Но… или перебродские крестьяне отличались какою-то особенной, упорной несообщительностью, или я не умел взяться за дело, – отношения мои с ними ограничивались только тем, что, увидев меня, они еще издали снимали шапки, а поравнявшись со мной, угрюмо произносили: «Гай Буг», что должно было обозначать: «Помогай Бог». Когда же я пробовал с ними разговориться, то они глядели на меня с удивлением, отказывались понимать самые простые вопросы и всё порывались целовать у меня руки – старый обычай, оставшийся от польского крепостничества.

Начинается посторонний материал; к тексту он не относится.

(* Let integers $n \geq 0$, $m \geq 2$ and $k \geq 1$ be given, let $q=(q_1,\dots,q_m)$ be a probability distribution on $\{1,\dots,m\}$, and let $j \in \{1,\dots,m-1\}$. Define $q'$ by $q'_\ell = q_\ell$ for all $\ell \notin \{j,j+1\}$ and \[ q'_j = q_j + q_{j+1} - \|(q_j,q_{j+1})\|_k, \qquad q'_{j+1} = \|(q_j,q_{j+1})\|_k, \] where $\|(a,b)\|_k = (a^k+b^k)^{1/k}$. For a distribution $r$ on $\{1,\dots,m\}$ and $i \in \{1,\dots,m\}$, let $M^{r}_{i}$ denote the maximum load of any bin in $\{i,\dots,m\}$ when $n$ balls are thrown independently into the $m$ bins according to $r$. Then \[ \Pr[M^{q}_{j} < k] \leq \Pr[M^{q'}_{j+1} < k]. \]
   Context: The load of a bin is the number of balls that landed in it. *)

From HB Require Import structures.
From mathcomp Require Import all_boot all_order all_algebra.
From mathcomp Require Import reals exp.
Set Implicit Arguments. Unset Strict Implicit. Unset Printing Implicit Defensive.
Import Order.TTheory GRing.Theory Num.Theory.
Local Open Scope ring_scope.

(* Bins are 'I_m (0-based: paper's bin l is our bin l-1); balls are 'I_n.
   An outcome of throwing n balls is f : {ffun 'I_n -> 'I_m}. *)

Definition load (n m : nat) (f : {ffun 'I_n -> 'I_m}) (b : 'I_m) : nat :=
  #|[set t | f t == b]|.

Definition is_distr (R : realType) (m : nat) (r : 'I_m -> R) : Prop :=
  (forall l, 0 <= r l) /\ \sum_(l < m) r l = 1.

Definition prob_maxload_lt (R : realType) (n m : nat) (r : 'I_m -> R)
    (i k : nat) : R :=
  \sum_(f : {ffun 'I_n -> 'I_m} | [forall b : 'I_m, (i <= b)%N ==> (load f b < k)%N])
    \prod_(t < n) r (f t).

Definition knorm (R : realType) (k : nat) (a b : R) : R :=
  powR (a ^+ k + b ^+ k) (k%:R)^-1.

Definition qprime (R : realType) (m k : nat) (q : 'I_m -> R) (j j1 : 'I_m)
    : 'I_m -> R :=
  fun l => if l == j then q j + q j1 - knorm k (q j) (q j1)
           else if l == j1 then knorm k (q j) (q j1)
           else q l.

From mathcomp Require Import all_boot all_order all_algebra.
From mathcomp Require Import reals exp.
From mathcomp Require Import zify ring.
Set Implicit Arguments. Unset Strict Implicit. Unset Printing Implicit Defensive.
Import Order.TTheory GRing.Theory Num.Theory.
Local Open Scope ring_scope.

Книжки, какие у меня были, я все очень скоро перечитал. От скуки – хотя это сначала казалось мне неприятным – я сделал попытку познакомиться с местной интеллигенцией в лице ксендза, жившего за пятнадцать верст, находившегося при нем «пана органиста», местного урядника и конторщика соседнего имения из отставных унтер-офицеров, но ничего из этого не вышло.
Потом я пробовал заняться лечением перебродских жителей. В моем распоряжении были: касторовое масло, карболка, борная кислота, йод. Но тут, помимо моих скудных сведений, я наткнулся на полную невозможность ставить диагнозы, потому что признаки болезни у всех моих пациентов были всегда одни и те же: «в сере́дине болит» и «ни есть, ни пить не можу».
Приходит, например, ко мне старая баба. Вытерев со смущенным видом нос указательным пальцем правой руки, она достает из-за пазухи пару яиц, причем на секунду я вижу ее коричневую кожу, и кладет их на стол. Затем она начинает ловить мои руки, чтобы запечатлеть на них поцелуй. Я прячу руки и убеждаю старуху: «Да полно, бабка… оставь…я не поп… мне этого не полагается… Что у тебя болит?»
– В сере́дине у меня болит, панычу, в самой что ни на есть сере́дине, так что даже ни пить, ни есть не можу.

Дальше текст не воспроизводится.